**Problem to work on:** Range to reproduce from the entries below: the line with "have small := @ke_o_k (eps / (L", the line with "apply: VK_bound_arith (ler0n", and every line in between. Give them exactly and give nothing else.

Records from a dataset:
______________________________

(* (a) Let $A$ be a set with $1\leq|A|\leq\omega$, and for each $\alpha\in A$ let $\mathbf{F}(\alpha)$ be a $\pi$-tree on a topological space $X_\alpha$. Suppose that for each $\alpha\in A$ there is $\gamma_\alpha\subseteq\mathcal{P}(\omega)$ such that $|\gamma_\alpha|\leq\omega$, $\gamma_\alpha$ has the finite intersection property, and $\gamma_\alpha\gg\mathrm{Rise}_{\mathbf{F}(\alpha)}(X_\alpha)$. Then the Tychonoff product $\prod_{\alpha\in A}X_\alpha$ has a $\pi$-tree. (b) Suppose, in addition to the hypotheses of (a), that $\mathbf{G}$ is a $\pi$-tree on a topological space $Y$ and $\mathrm{Rise}_{\mathbf{G}}(Y)$ has the finite intersection property. Then the Tychonoff product $Y\times\prod_{\alpha\in A}X_\alpha$ has a $\pi$-tree.
   Context: A family has the finite intersection property if every finite nonempty subfamily has nonempty intersection. Neighbourhoods are not necessarily open. $\omega=\{0,1,2,\dots\}$, ${}^{<\omega}\omega$ is the set of finite sequences of natural numbers. A tree is a strict partial order in which the set of predecessors of every node is well-ordered; $\mathrm{height}(x)$ is the ordinal isomorphic to the set of predecessors of $x$; a branch is a maximal chain; $\mathrm{sons}(x)$ is the set of immediate successors of $x$; $0$ denotes the least node. A foliage tree is a pair $\mathbf{F}=(T,l)$ with $T$ a tree (skeleton) and $l$ a function on its nodes, $\mathbf{F}_x:=l(x)$; tree notions apply via the skeleton. $\mathrm{shoot}_{\mathbf{F}}(v)=\{\bigcup_{x\in C}\mathbf{F}_x: C\text{ a cofinite subset of }\mathrm{sons}_{\mathbf{F}}(v)\}$; $\mathrm{scope}_{\mathbf{F}}(p)=\{x:p\in\mathbf{F}_x\}$. For families $\gamma,\delta$ of sets, $\gamma\gg\delta$ means every nonempty $D\in\delta$ contains some nonempty $G\in\gamma$. $\mathrm{rise}_{\mathbf{F}}(p,U)=\{\mathrm{height}_{\mathbf{F}}(v): v\in\mathrm{scope}_{\mathbf{F}}(p),\ \mathrm{shoot}_{\mathbf{F}}(v)\gg\{U\}\}$; $\mathrm{Rise}_{\mathbf{F}}(X)=\{\mathrm{rise}_{\mathbf{F}}(p,U):p\in X,\ U\text{ a neighbourhood of }p\text{ in }X\}$. $\mathbf{F}$ is locally strict if each non-maximal leaf $\mathbf{F}_x$ is the disjoint union of $\mathbf{F}_s$, $s\in\mathrm{sons}(x)$; has strict branches if it has a node and for each branch $B$, $\bigcap_{x\in B}\mathbf{F}_x$ is a singleton; is open in $X$ if all leaves are open in $X$; is a foliage $\omega,\omega$-tree if its skeleton is order-isomorphic to $({}^{<\omega}\omega,\subsetneq)$. A Baire foliage tree on $X$ is an open in $X$, locally strict foliage $\omega,\omega$-tree with strict branches and $\mathbf{F}_{0_{\mathbf{F}}}=X$. $\mathbf{F}$ grows into $X$ if for every $p\in X$ and neighbourhood $U$ of $p$ there is $z\in\mathrm{scope}_{\mathbf{F}}(p)$ with $\mathrm{shoot}_{\mathbf{F}}(z)\gg\{U\}$. A $\pi$-tree on $X$ is a Baire foliage tree on $X$ that grows into $X$; a space has a $\pi$-tree if there is a $\pi$-tree on it. *)

From HB Require Import structures.
From mathcomp Require Import all_boot all_order.
From mathcomp Require Import all_classical.
From mathcomp Require Import topology.
Set Implicit Arguments. Unset Strict Implicit. Unset Printing Implicit Defensive.
Local Open Scope classical_set_scope.

(* Foliage omega,omega-trees: the skeleton is taken to be ({}^{<omega}omega, strict
   prefix order), nodes are [seq nat]; a foliage tree on T is the leaf function. *)
Definition foliage (T : Type) := seq nat -> set T.
Lemma VC_bound_arith (x y z L eps : rat) : 0 <= x -> 0 < x + z -> 0 <= L -> 0 <= eps ->
  x <= y -> y * (L + 1) <= eps * z -> (x + y * L) / (x + z) <= eps.
Proof. by move=> x_ge0 xz_gt0 L_ge0 eps_ge0 le_xy le_yz; rewrite ler_pdivrMr //; nra. Qed.

Lemma VK_bound_arith (x y D k m M eps : rat) : 0 < x -> 0 < eps -> 0 <= m -> m < M ->
  D <= eps / 4 * x -> 0 <= y -> y <= 2 * x -> 32 * M * y <= eps * k -> 2 * M <= k ->
  (D + 2 * (y * y * M / (k - m))) / x <= eps.
Proof.
move=> x_gt0 eps_gt0 m_ge0 lt_mM le_D y_ge0 le_y le_yk le_Mk.
have km_gt0 : 0 < k - m by lra.
have yM_ge0 : 0 <= y * M by apply: mulr_ge0; lra.
have le_yM : y * M <= eps * k / 32 by lra.
have le_yyM : y * y * M <= eps / 8 * x * (k - m).
  have le1 : y * (y * M) <= 2 * x * (y * M) by apply: ler_wpM2r.
  have le2 : 2 * x * (y * M) <= 2 * x * (eps * k / 32) by apply: ler_wpM2l; lra.
  have epsx_ge0 : 0 <= eps * x by apply: mulr_ge0; lra.
  nra.
have le_q : y * y * M / (k - m) <= eps / 8 * x by rewrite ler_pdivrMr.
have epsx_ge0 : 0 <= eps * x by apply: mulr_ge0; lra.
by rewrite ler_pdivrMr //; nra.
Qed.

Section Asymptotics.
Variables (K : nat -> kgraph) (k : nat -> nat).
Hypothesis kernelK : forall n, is_kernel (K n).
Hypothesis kv_gt0 : forall n, (0 < kv (K n))%N.
Hypothesis ke_o_k : forall eps : rat, 0 < eps ->
  eventually (fun n => (ke (K n))%:R <= eps * (k n)%:R).
Hypothesis ke_kv : forall eps : rat, 0 < eps ->
  eventually (fun n => `|(ke (K n))%:R - 3 / 2 * (kv (K n))%:R| <= eps * (kv (K n))%:R).

Let C_gt0 n : (0 < #|compositions (K n) (k n)|)%N.
Proof. exact/compositions_gt0/kernel_ke_gt0. Qed.

Lemma kv_le_ke_le_2kv : eventually (fun n =>
  (kv (K n))%:R <= (ke (K n))%:R :> rat /\ (ke (K n))%:R <= 2 * (kv (K n))%:R :> rat).
Proof.
have half_gt0 : 0 < 1 / 2 :> rat by rewrite divr_gt0 ?ltr01 ?ltr0n.
by apply: eventually_mono (ke_kv half_gt0) => n; rewrite ler_norml => /andP []; lra.
Qed.

Lemma lwc_uniform_core_vertex : lwc_to_P (fun n => prob_ball_VC (K n) (k n)) 2.
Proof.
move=> H rH l; pose L : rat := (l.*2.+3)%:R.
apply: (@cvg_rat_dist_le _ (fun n => (kv (K n) + ke (K n) * l.*2.+3)%N%:R / (kv (K n) + k n)%N%:R)).
  by exists 0 => n _; apply: prob_ball_VC_approx; rewrite ?ltn_addr.
move=> eps eps_gt0; have L_ge0 : 0 <= L by rewrite ler0n.
have small := @ke_o_k (eps / (L + 1)) ltac:(by rewrite divr_gt0 //; lra).
apply: eventually_mono (eventually_and kv_le_ke_le_2kv small) => n [[le_kv _] le_k].
rewrite !natrD natrM; apply: VC_bound_arith; rewrite ?ler0n //.
- by rewrite -natrD ltr0n ltn_addr.
- exact: ltW.
- by rewrite natr1 -ler_pdivlMr ?ltr0n // mulrAC; rewrite /L natr1 in le_k.
Qed.

Lemma k_unbounded (c : rat) : 0 < c -> eventually (fun n => c <= (k n)%:R).
Proof.
move=> c_gt0; apply: eventually_mono (@ke_o_k c^-1 _) => [n le_k|]; last by rewrite invr_gt0.
have ke_ge1 : 1 <= (ke (K n))%:R :> rat by rewrite ler1n kernel_ke_gt0.
by move: (le_trans ke_ge1 le_k); rewrite ler_pdivlMl // mulr1.
Qed.

Lemma few_irregular_vertices (eps : rat) : 0 < eps ->
  eventually (fun n => #|[set v : 'I_(kv (K n)) | kdeg v != 3]|%:R <= eps * (kv (K n))%:R).
Proof.
move=> eps_gt0; apply: eventually_mono (@ke_kv (eps / 2) _) => [n|]; last first.
  by rewrite divr_gt0 ?ltr0n.
have := card_kdeg_neq3 (@kernelK n); rewrite -(ler_nat rat) natrD natrM.
by rewrite ler_norml => + /andP [_ le_ratio]; lra.
Qed.

Lemma lwc_uniform_kernel_vertex : lwc_to_P (fun n => prob_ball_VK (K n) (k n)) 3.
Proof.
move=> H rH l; pose m := l.*2.+2; pose M : rat := m.+1%:R.
have M_gt0 : 0 < M by rewrite ltr0n.
have lt_mk n : 2 * M <= (k n)%:R -> (m < k n)%N.
  by move=> le_Mk; rewrite -(ltr_nat rat); apply: lt_le_trans le_Mk; rewrite /M -natr1; lra.
have k_large := k_unbounded (mulr_gt0 (ltr0n _ 2) M_gt0).
apply: (@cvg_rat_dist_le _ (fun n => (#|[set v : 'I_(kv (K n)) | kdeg v != 3]|%:R +
    2 * ((ke (K n) * ke (K n) * m.+1)%N%:R / (k n - m)%N%:R)) / (kv (K n))%:R)).
  by apply: eventually_mono k_large => n /lt_mk; apply: prob_ball_VK_approx.
move=> eps eps_gt0.
have irregular := few_irregular_vertices (divr_gt0 eps_gt0 (ltr0n _ 4)).
have small := @ke_o_k (eps / (32 * M)) (divr_gt0 eps_gt0 (mulr_gt0 (ltr0n _ 32) M_gt0)).
apply: eventually_mono (eventually_and (eventually_and kv_le_ke_le_2kv k_large)
  (eventually_and irregular small)) => n [[[_ le_2kv] le_Mk] [le_D le_k]].
have le_k' : 32 * M * (ke (K n))%:R <= eps * (k n)%:R.
  have c_gt0 : 0 < 32 * M by rewrite mulr_gt0 ?ltr0n.
  by rewrite mulrC -ler_pdivlMr // mulrAC.
rewrite (natrB _ (ltnW (lt_mk n le_Mk))) !natrM.
apply: VK_bound_arith (ler0n _ _) _ le_D (ler0n _ _) le_2kv le_k' le_Mk.
- by rewrite ltr0n.
- exact: eps_gt0.
- by rewrite ltr_nat.
Qed.
(* Let $p$ be an odd prime, $r,m$ positive integers and $s\in\{0,1,\dots,mp^{r-1}-1\}$. Then $$\binom{mp^r}{sp}\equiv\binom{mp^{r-1}}{s}\pmod{p^{2r}}.$$ *)

From mathcomp Require Import all_boot.

From mathcomp Require Import all_boot zify.

Set Implicit Arguments.
Unset Strict Implicit.

(* Let N = m p^(r-1) and k = s p.  Removing the multiples of p from the falling
   factorials (N p)^_k and k^_k = k! leaves p^s N^_s and p^s s!, so
   C(N p, k) W(k) = C(N, s) W(N p), where W(X) is the product of the X - i
   with i < k prime to p.  Pairing i with k - i (never equal, as p is odd)
   gives (X - i)(X - k + i) = (X - k) X + i (k - i), hence
   W(N p) = W(k) modulo (N p - k) N p = p^2 N (N - s).  Since
   C(N, s) (N - s) N is divisible by N^2 = m^2 p^(2r - 2), the two binomials
   agree modulo p^(2r) after cancelling W(k), which is prime to p. *)

Section MultiplesOfp.

Variables (R : Type) (idx : R) (op : Monoid.law idx).

Lemma big_nat_multiples p s (F : nat -> R) : 0 < p ->
  \big[op/idx]_(0 <= i < s * p | p %| i) F i = \big[op/idx]_(0 <= j < s) F (j * p).
Proof.
move=> p_gt0; elim: s => [|s IHs]; first by rewrite mul0n !big_geq.
rewrite mulSnr (big_cat_nat (leq0n _) (leq_addr _ _)) IHs big_nat_recr //=.
have p_sp : p %| s * p by exact: dvdn_mull.
have lt_sp : s * p < s * p + p by rewrite -addn1 leq_add2l.
congr (op _ _); rewrite big_ltn_cond // p_sp.
rewrite big_nat_cond big1 ?Monoid.mulm1 // => i /andP[/andP[lt_si lt_ip] p_i].
exfalso; move: p_i; rewrite -(subnKC (ltnW lt_si)) dvdn_addr //.
by move/dvdn_leq; lia.
Qed.

End MultiplesOfp.

Lemma prod_congr_modn I (r : seq I) (P : pred I) (F G : I -> nat) d :
  (forall i, P i -> F i = G i %[mod d]) ->
  \prod_(i <- r | P i) F i = \prod_(i <- r | P i) G i %[mod d].
Proof.
move=> eqFG; apply: (big_ind2 (fun x y => x = y %[mod d])) => // x1 x2 y1 y2.
by move=> e1 e2; rewrite -modnMm e1 e2 modnMm.
Qed.

Lemma eqn_modMr_coprime a b w d :
  coprime w d -> (a * w == b * w %[mod d]) = (a == b %[mod d]).
Proof.
move=> cwd; apply/idP/idP => [|/eqP e]; last by rewrite -modnMml e modnMml.
wlog le_ba : a b / b <= a => [hwlog|].
  case: (leqP b a) => [/hwlog//|/ltnW le_ab e].
  by rewrite eq_sym hwlog // eq_sym.
rewrite !eqn_mod_dvd ?leq_mul2r ?le_ba ?orbT // -mulnBl Gauss_dvdl //.
by rewrite coprime_sym.
Qed.

Lemma mul_subn_sym X k i : i <= k -> k <= X ->
  (X - i) * (X - (k - i)) = (X - k) * X + i * (k - i).
Proof.
move=> /subnKC <- /subnK <-; move: (k - i) (X - _) => j a.
rewrite addKn addnK (addnCA a) addKn addnA addnK; nia.
Qed.

Lemma sqrn_dvd_bin_mul n s : n ^ 2 %| 'C(n, s) * ((n - s) * n).
Proof. by rewrite mulnA (mulnC 'C(n, s)) -mul_bin_down mulnAC dvdn_mulr. Qed.

Definition ffact_skipmul p X k := \prod_(0 <= i < k | ~~ (p %| i)) (X - i).

Lemma ffact_mul_split p Y s : 0 < p ->
  (Y * p) ^_ (s * p) = p ^ s * Y ^_ s * ffact_skipmul p (Y * p) (s * p).
Proof.
move=> p_gt0; rewrite ffact_prod -(big_mkord xpredT) (bigID (dvdn p)) /=.
rewrite big_nat_multiples //; congr (_ * _).
under eq_bigr do rewrite -mulnBl mulnC.
by rewrite big_split /= prod_nat_const_nat subn0 ffact_prod big_mkord.
Qed.

Lemma bin_mul_ffact_skipmul p Y s : 0 < p ->
  'C(Y * p, s * p) * ffact_skipmul p (s * p) (s * p) =
  'C(Y, s) * ffact_skipmul p (Y * p) (s * p).
Proof.
move=> p_gt0; have := bin_ffact (Y * p) (s * p).
rewrite -ffactnn !ffact_mul_split // ffactnn -bin_ffact => eqC.
apply/eqP; rewrite -(@eqn_pmul2l (p ^ s * s`!)); last first.
  by rewrite muln_gt0 expn_gt0 p_gt0 fact_gt0.
apply/eqP; rewrite mulnCA eqC; nia.
Qed.

Lemma ffact_skipmul_pair p X k : odd p -> p %| k -> k <= X ->
  ffact_skipmul p X k =
  \prod_(0 <= i < k | ~~ (p %| i) && (2 * i < k)) ((X - k) * X + i * (k - i)).
Proof.
move=> odd_p p_k le_kX; rewrite /ffact_skipmul.
have [->|k_gt0] := posnP k; first by rewrite !big_geq.
rewrite big_ltn_cond // [RHS]big_ltn_cond // dvdn0 /= (bigID (fun i => 2 * i < k)) /=.
have reflect_half : \prod_(1 <= i < k | ~~ (p %| i) && ~~ (2 * i < k)) (X - i) =
                    \prod_(1 <= i < k | ~~ (p %| i) && (2 * i < k)) (X - (k - i)).
  rewrite big_nat_rev big_nat_cond [RHS]big_nat_cond.
  apply: congr_big => // i; case: (boolP (1 <= i < k)) => //= /andP[_ lt_ik].
  have -> : 1 + k - i.+1 = k - i by lia.
  rewrite dvdn_subr ?(ltnW lt_ik) //; case p_i: (p %| i) => //=.
  (* [2 i = k] would force [p %| i] since [p] is odd *)
  have neq_2ik : 2 * i != k.
    by apply: contraFneq p_i => e2ik; move: p_k; rewrite -e2ik Gauss_dvdr ?coprimen2.
  by rewrite -leqNgt; apply/idP/idP; lia.
rewrite reflect_half -big_split /= big_nat_cond [RHS]big_nat_cond.
by apply: eq_bigr => i /andP[/andP[_ /ltnW le_ik] _]; rewrite mul_subn_sym.
Qed.

Lemma ffact_skipmul_mod p X k : odd p -> p %| k -> k <= X ->
  ffact_skipmul p X k = ffact_skipmul p k k %[mod (X - k) * X].
Proof.
move=> odd_p p_k le_kX; rewrite !ffact_skipmul_pair // subnn mul0n.
by apply: prod_congr_modn => i _; rewrite modnDl.
Qed.

Lemma coprime_ffact_skipmul p k : prime p -> p %| k ->
  coprime (ffact_skipmul p k k) p.
Proof.
move=> p_pr p_k; rewrite /ffact_skipmul big_nat_cond.
elim/big_ind: _ => [|x y|i /andP[/andP[_ lt_ik] p'i]]; first exact: coprime1n.
  by rewrite coprimeMl => -> ->.
by rewrite coprime_sym prime_coprime // dvdn_subr ?(ltnW lt_ik).
Qed.

Theorem lemma2p10 (p r m s : nat) :
  prime p -> odd p -> 0 < r -> 0 < m -> s < m * p ^ r.-1 ->
  'C(m * p ^ r, s * p) = 'C(m * p ^ r.-1, s) %[mod p ^ (2 * r)].
Proof.
move=> p_pr odd_p r_gt0 _; set N := m * p ^ r.-1.
have p_gt0 := prime_gt0 p_pr.
have eqNp : m * p ^ r = N * p by rewrite /N -mulnA -expnSr prednK.
rewrite eqNp => lt_sN.
have p_sp : p %| s * p by exact: dvdn_mull.
have le_spNp : s * p <= N * p by rewrite leq_mul2r (ltnW lt_sN) orbT.
have dvd_mod : p ^ (2 * r) %| 'C(N, s) * ((N * p - s * p) * (N * p)).
  have dvd_Np2 : p ^ (2 * r) %| (N * p) ^ 2.
    by rewrite -eqNp expnMn mulnC expnM dvdn_mull.
  apply: dvdn_trans dvd_Np2 _; rewrite -mulnBl mulnACA mulnA expnMn.
  exact/dvdn_mul/dvdnn/sqrn_dvd_bin_mul.
have coprime_W := coprimeXr (2 * r) (coprime_ffact_skipmul p_pr p_sp).
have eq_mod : 'C(N, s) * ffact_skipmul p (N * p) (s * p) =
              'C(N, s) * ffact_skipmul p (s * p) (s * p)
              %[mod 'C(N, s) * ((N * p - s * p) * (N * p))].
  by rewrite -!muln_modr ffact_skipmul_mod.
apply/eqP; rewrite -(eqn_modMr_coprime _ _ coprime_W) bin_mul_ffact_skipmul //.
by apply/eqP; rewrite -(modn_dvdm _ dvd_mod) eq_mod modn_dvdm.
Qed.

______________________________

**Solution below:**
have small := @ke_o_k (eps / (L + 1)) ltac:(by rewrite divr_gt0 //; lra).
apply: eventually_mono (eventually_and kv_le_ke_le_2kv small) => n [[le_kv _] le_k].
rewrite !natrD natrM; apply: VC_bound_arith; rewrite ?ler0n //.
- by rewrite -natrD ltr0n ltn_addr.
- exact: ltW.
- by rewrite natr1 -ler_pdivlMr ?ltr0n // mulrAC; rewrite /L natr1 in le_k.
Qed.

Lemma k_unbounded (c : rat) : 0 < c -> eventually (fun n => c <= (k n)%:R).
Proof.
move=> c_gt0; apply: eventually_mono (@ke_o_k c^-1 _) => [n le_k|]; last by rewrite invr_gt0.
have ke_ge1 : 1 <= (ke (K n))%:R :> rat by rewrite ler1n kernel_ke_gt0.
by move: (le_trans ke_ge1 le_k); rewrite ler_pdivlMl // mulr1.
Qed.

Lemma few_irregular_vertices (eps : rat) : 0 < eps ->
  eventually (fun n => #|[set v : 'I_(kv (K n)) | kdeg v != 3]|%:R <= eps * (kv (K n))%:R).
Proof.
move=> eps_gt0; apply: eventually_mono (@ke_kv (eps / 2) _) => [n|]; last first.
  by rewrite divr_gt0 ?ltr0n.
have := card_kdeg_neq3 (@kernelK n); rewrite -(ler_nat rat) natrD natrM.
by rewrite ler_norml => + /andP [_ le_ratio]; lra.
Qed.

Lemma lwc_uniform_kernel_vertex : lwc_to_P (fun n => prob_ball_VK (K n) (k n)) 3.
Proof.
move=> H rH l; pose m := l.*2.+2; pose M : rat := m.+1%:R.
have M_gt0 : 0 < M by rewrite ltr0n.
have lt_mk n : 2 * M <= (k n)%:R -> (m < k n)%N.
  by move=> le_Mk; rewrite -(ltr_nat rat); apply: lt_le_trans le_Mk; rewrite /M -natr1; lra.
have k_large := k_unbounded (mulr_gt0 (ltr0n _ 2) M_gt0).
apply: (@cvg_rat_dist_le _ (fun n => (#|[set v : 'I_(kv (K n)) | kdeg v != 3]|%:R +
    2 * ((ke (K n) * ke (K n) * m.+1)%N%:R / (k n - m)%N%:R)) / (kv (K n))%:R)).
  by apply: eventually_mono k_large => n /lt_mk; apply: prob_ball_VK_approx.
move=> eps eps_gt0.
have irregular := few_irregular_vertices (divr_gt0 eps_gt0 (ltr0n _ 4)).
have small := @ke_o_k (eps / (32 * M)) (divr_gt0 eps_gt0 (mulr_gt0 (ltr0n _ 32) M_gt0)).
apply: eventually_mono (eventually_and (eventually_and kv_le_ke_le_2kv k_large)
  (eventually_and irregular small)) => n [[[_ le_2kv] le_Mk] [le_D le_k]].
have le_k' : 32 * M * (ke (K n))%:R <= eps * (k n)%:R.
  have c_gt0 : 0 < 32 * M by rewrite mulr_gt0 ?ltr0n.
  by rewrite mulrC -ler_pdivlMr // mulrAC.
rewrite (natrB _ (ltnW (lt_mk n le_Mk))) !natrM.
apply: VK_bound_arith (ler0n _ _) _ le_D (ler0n _ _) le_2kv le_k' le_Mk.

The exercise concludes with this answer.